A grateful dog is better than ungrateful man.  

"Man is beyond dispute the most excellent of created beings, but the vilest animal is a dog: but the sages agree, that a grateful dog, is better than an ungrateful man. A dog never forgets a morsel, although you pelt him an hundred times with stones. But if you cherish a man wretch for an age, he will fight with you for a mere trifle."

Eating little is good 

By eating little a man may obtain the position higher than of an angle, but if you eat like a beast, you will be degraded to an inanimate fossil. Those whom you gratify, become obedient to your command; but lust, on the contrary, when indulged is rebellious.

Saadi said:

" Keep your belly unencumbered with food, in order that you may be able to distinguish the light of divine knowledge. You are void of wisdom, because you are crammed up to your nose with food."

Attar Nishapuri


                                                 Attar's Mausoleum in Nishapur, Iran

He was a son of a prosperous chemist, receiving an excellent education in various fields. He was a profession of pharmacy and personally attended to a very large number of customers. The people he helped  in the the pharmacy used to confide their troubles in Attar and this affected him deeply. He abandoned his pharmacy store and traveled widely to Kufa, Mecca, Damascus, and India, meeting with Sufis and returned promoting Sufi ideas.He did not say much about himself. He from Nishapur, and he was one of the greatest mystic, a poet and a master of narrative of the 15th Century. Nasir Ud-Din Tusi has mentioned about Attar's life.  He died at the age of 70 of a violent death in the massacre which the Mongols inflicted on Nishabur in April 1221. He was buried in Nishapur his mausoleum was built by Ali Shir Navai in 16th Century.

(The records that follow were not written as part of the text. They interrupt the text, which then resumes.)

(* Let $(\Omega,\mathcal{F},P)=([0,1],\mathcal{B}([0,1]),\lambda)$ with $\lambda$ Lebesgue measure, and let $(\varepsilon_n)\subset(0,1)$ with $\varepsilon_n\to0$ be such that $E[S^n_1]=1$ for all $n$, where for each $n$ the process $S^n$ is given by $S^n_t=0$ for $t\in[0,1)$ and $S^n_1(\omega)=-\frac{1}{\sqrt{\omega}}$ on $[0,\varepsilon_n)$, $S^n_1(\omega)=\frac{1}{(1-\omega)^{1/(n+1)}}$ on $[\varepsilon_n,1]$; the filtration is the one generated by $(S^n)_{n\in\mathbb{N}}$. Then there exists an equivalent separating measure for $\mathcal{X}$ (namely $P=\lambda$ itself: $E_P[X_1]\le0$ for all $X\in\mathcal{X}$), but there is no equivalent martingale measure, i.e. no $Q\sim P$ with $E_Q[S^n_1]=0$ for all $n$.
   Context: For this market, $\mathcal{X}^n_1$ denotes the set of stochastic integrals $(\mathbf{H}\bullet\mathbf{S}^n)$, $\mathbf{S}^n=(S^1,\dots,S^n)$, with $\mathbf{H}$ $\mathbb{R}^n$-valued predictable $\mathbf{S}^n$-integrable and $(\mathbf{H}\bullet\mathbf{S}^n)_t\ge-1$ for all $t$; $\mathcal{X}_1$ is the closure of $\bigcup_{n\ge1}\mathcal{X}^n_1$ in the Emery topology (metric $d_{\mathbb{S}}(X,Y)=\sup_{K}E[\sup_{t\le1}|(K\bullet(X-Y))_t|\wedge1]$ over simple predictable $K$, $\|K\|_\infty\le1$), and $\mathcal{X}=\bigcup_{\lambda>0}\lambda\mathcal{X}_1$. *)

From mathcomp Require Import all_boot all_order all_algebra.
From mathcomp Require Import all_classical all_reals all_analysis.
Set Implicit Arguments. Unset Strict Implicit. Unset Printing Implicit Defensive.
Import Order.TTheory GRing.Theory Num.Theory.
Import numFieldNormedType.Exports.
Local Open Scope classical_set_scope.
Local Open Scope ring_scope.

Section Market.
Variable R : realType.

(* P = Lebesgue measure restricted to [0,1] (so P lives on [0,1]).         *)
Definition Omega := measurableTypeR R.

Definition Pm : {measure set Omega -> \bar R} :=
  mrestr (@lebesgue_measure R) (measurable_itv (`[0, 1] : interval R)).

Definition unit01 : set R := `[0, 1].

Definition process := R -> Omega -> R.

(* Terminal value S^{n+1}_1 of the paper (0-based index n corresponds to  *)
(* the paper's S^{n+1}); values outside [0,1] are irrelevant (P-null).     *)
Definition S1 (eps : nat -> R) (n : nat) (w : Omega) : R :=
  if (0 <= w) && (w < eps n) then - (Num.sqrt w)^-1
  else if (eps n <= w) && (w <= 1) then ((1 - w) `^ (n.+2%:R)^-1)^-1
  else 0.

Definition S (eps : nat -> R) (n : nat) : process :=
  fun t w => if t < 1 then 0 else S1 eps n w.

Definition meas_wrt (G : set (set Omega)) (f : Omega -> R) :=
  forall B : set (measurableTypeR R), measurable B -> G (f @^-1` B).

Definition filt (eps : nat -> R) (t : R) : set (set Omega) :=
  <<s [set A | exists n s (B : set (measurableTypeR R)),
         [/\ s <= t, measurable B & A = S eps n s @^-1` B] ] >>.

Definition stopping_time (eps : nat -> R) (T : Omega -> R) :=
  (forall w, 0 <= T w <= 1) /\ forall t, filt eps t [set w | T w <= t].

Definition filt_at (eps : nat -> R) (T : Omega -> R) : set (set Omega) :=
  [set A | forall t, filt eps t (A `&` [set w | T w <= t])].

(*   K = K0 1_{0} + sum_{i<m} Ki i 1_{(T i, T (i+1)]}                       *)
Record simple_pred (eps : nat -> R) := SimplePred {
  sp_m : nat;
  sp_T : nat -> Omega -> R;
  sp_K0 : Omega -> R;
  sp_K : nat -> Omega -> R;
  sp_T_stop : forall i, (i <= sp_m)%N -> stopping_time eps (sp_T i);
  sp_T_incr : forall i w, (i < sp_m)%N -> sp_T i w <= sp_T i.+1 w;
  sp_K0_meas : meas_wrt (filt eps 0) sp_K0;
  sp_K0_bd : forall w, `|sp_K0 w| <= 1;
  sp_K_meas : forall i, (i < sp_m)%N -> meas_wrt (filt_at eps (sp_T i)) (sp_K i);
  sp_K_bd : forall i w, `|sp_K i w| <= 1 }.

Definition simple_int (eps : nat -> R) (K : simple_pred eps) (Z : process)
  : process := fun t w =>
  sp_K0 K w * Z 0 w +
  \sum_(i < sp_m K) sp_K K i w *
     (Z (Order.min (sp_T K i.+1 w) t) w - Z (Order.min (sp_T K i w) t) w).

Definition emery_dist (eps : nat -> R) (X Y : process) : \bar R :=
  ereal_sup [set (\int[Pm]_w
      (Order.min (ereal_sup [set (`| simple_int K (fun t w => X t w - Y t w) t w |)%:E
                              | t in unit01]) 1))%E
    | K in [set: simple_pred eps]].

Definition pred_rects (eps : nat -> R) : set (set (R * Omega)) :=
  [set C | (exists A, filt eps 0 A /\ C = [set 0] `*` A) \/
           (exists s t A, [/\ 0 <= s, s < t, t <= 1, filt eps s A &
                              C = `]s, t] `*` A])].

Definition predictable_sets (eps : nat -> R) : set (set (R * Omega)) :=
  <<s `[0, 1] `*` [set: Omega], pred_rects eps >>.

Definition predictable (eps : nat -> R) (H : R -> Omega -> R) :=
  forall B : set (measurableTypeR R), measurable B ->
    predictable_sets eps
      ((`[0, 1] `*` [set: Omega]) `&` [set p | B (H p.1 p.2)]).

(* Each S^k has finite-variation paths (constant 0 on [0,1), one jump of    *)
(* size S^k_1 at time 1), so the stochastic integral is the pathwise       *)
(* Lebesgue-Stieltjes integral, and every predictable H is S^n-integrable.  *)
Definition stoch_int (eps : nat -> R) (n : nat) (H : 'I_n -> R -> Omega -> R)
  : process := fun t w =>
  if t < 1 then 0 else \sum_(k < n) H k 1 w * S1 eps k w.

Definition calX1n (eps : nat -> R) (n : nat) (X : process) :=
  exists H : 'I_n -> R -> Omega -> R,
    [/\ forall k, predictable eps (H k),
        (forall t w, t \in `[0, 1] -> X t w = stoch_int eps H t w) &
        {ae Pm, forall w, forall t, t \in `[0, 1] -> -1 <= X t w}].

Definition adapted_cadlag (eps : nat -> R) (X : process) :=
  (forall t, t \in `[0, 1] -> meas_wrt (filt eps t) (X t)) /\
  forall w : Omega,
    (forall t, 0 <= t -> t < 1 -> (fun s => X s w) @ at_right t --> X t w) /\
    (forall t, 0 < t -> t <= 1 -> cvg ((fun s => X s w) @ at_left t)).

Definition calX1 (eps : nat -> R) (X : process) :=
  adapted_cadlag eps X /\
  exists Y : nat -> process,
    (forall j, exists n, calX1n eps n (Y j)) /\
    emery_dist eps (Y j) X @[j --> \oo] --> 0%E.

Definition calX (eps : nat -> R) (X : process) :=
  exists lam : R, 0 < lam /\ exists X1, calX1 eps X1 /\
    forall t w, t \in `[0, 1] -> X t w = lam * X1 t w.

Definition equiv_prob (Q : probability Omega R) :=
  forall A : set Omega, measurable A -> (Q A = 0%E <-> Pm A = 0%E).

Definition is_EMM (eps : nat -> R) (Q : probability Omega R) :=
  equiv_prob Q /\
  forall n, Q.-integrable [set: Omega] (fun w => (S eps n 1 w)%:E) /\
            (\int[Q]_w (S eps n 1 w)%:E = 0)%E.

End Market.

From mathcomp Require Import all_boot all_order all_algebra.
From mathcomp Require Import all_classical all_reals all_analysis.
From mathcomp Require Import measurable_realfun lra.
Import Order.TTheory GRing.Theory Num.Theory.
Import numFieldNormedType.Exports.
Local Open Scope classical_set_scope.
Local Open Scope ring_scope.

(* Before time 1 every S^n vanishes, so the natural filtration is trivial there,
   a predictable integrand is deterministic at time 1, and every element of
   X^n_1 ends at sum_k c_k S^k_1.  Near w = 0 this equals -(sum_k c_k)/sqrt w,
   so admissibility (>= -1) forces sum_k c_k <= 0: the P-mean is nonpositive
   since E_P[S^k_1] = 1.  Emery convergence implies convergence in probability
   of terminal values (take K = 1 on (0,1]); for limits in probability of
   variables bounded below by -1 with nonpositive means, the mean of the limit
   clamped to [-L, M] stays nonpositive, and monotone convergence in M removes
   the upper clamp.
   Conversely |S^n_1| >= 1 on (0,1) and |S^n_1| = S^n_1 + 2 (S^n_1)^-, so under
   a martingale measure Q ~ P the negative part (S^n_1)^-, which is w^(-1/2) on
   [0, eps_n), has Q-mean >= 1/2; but it tends to 0 pointwise, dominated by
   |S^0_1| + eps_0^(-1/2), so its Q-mean tends to 0. *)

Lemma smallest_preimage_trivial (U V : Type) (D : set U) (phi : V -> U)
    (G : set (set U)) :
  phi @^-1` D = setT ->
  (forall C, G C -> phi @^-1` C = set0 \/ phi @^-1` C = setT) ->
  forall C, <<s D, G >> C -> phi @^-1` C = set0 \/ phi @^-1` C = setT.
Proof.
move=> phiD phiG.
suff sigma : sigma_algebra D [set C | phi @^-1` C = set0 \/ phi @^-1` C = setT].
  by move=> C; exact: smallest_sub sigma phiG C.
split => /=.
- by left; rewrite preimage_set0.
- move=> A [A0|AT].
    right; apply/seteqP; split => // x _; split.
      by have : (phi @^-1` D) x by rewrite phiD.
    by move=> Ax; have : (phi @^-1` A) x by []; rewrite A0.
  left; apply/seteqP; split => // x /= [_]; apply.
  by have : (phi @^-1` A) x by rewrite AT.
- move=> A A01; rewrite preimage_bigcup.
  have [[k Ak]|noT] := pselect (exists k, phi @^-1` A k = setT).
    by right; apply/seteqP; split => // x _; exists k => //; rewrite Ak.
  left; apply/seteqP; split => // x [k _ Akx].
  case: (A01 k) => Ak; first by have : (phi @^-1` A k) x by []; rewrite Ak.
  by exfalso; apply: noT; exists k.
Qed.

Interestingly, he did not want to uncover the secrets of nature. This is particularly remarkable in the case of medicine, which fell within the scope of his profession. He obviously had no motive for showing off his knowledge in the manner customary among court Panegyrists, whoes type of poetry he despised and never practiced. Such knowledge is only brought into his works in contexts where the theme of a story touches on a branch of natural science. His contemporary was Khaqani.

His works are as follows:
  • Divan
  • Asrar Nama
  • Maqamat-e Toyur, (Manteq at-Tayr
  • Mosibat-Nama
  • Elahi-Nama
  • Javaher-Nama
  • Sarh al-Qalb


Atter Seven Valleys of LOVE

  • The Valley of Quest.
  • The Valley of Love.
  • The Valley of understanding.
  • The Valley of Independence and Detachment.
  • The Valley of Unity.
  • The Valley of Astonishment and Bewilderment.
  • The Valley of Deprivation and Death.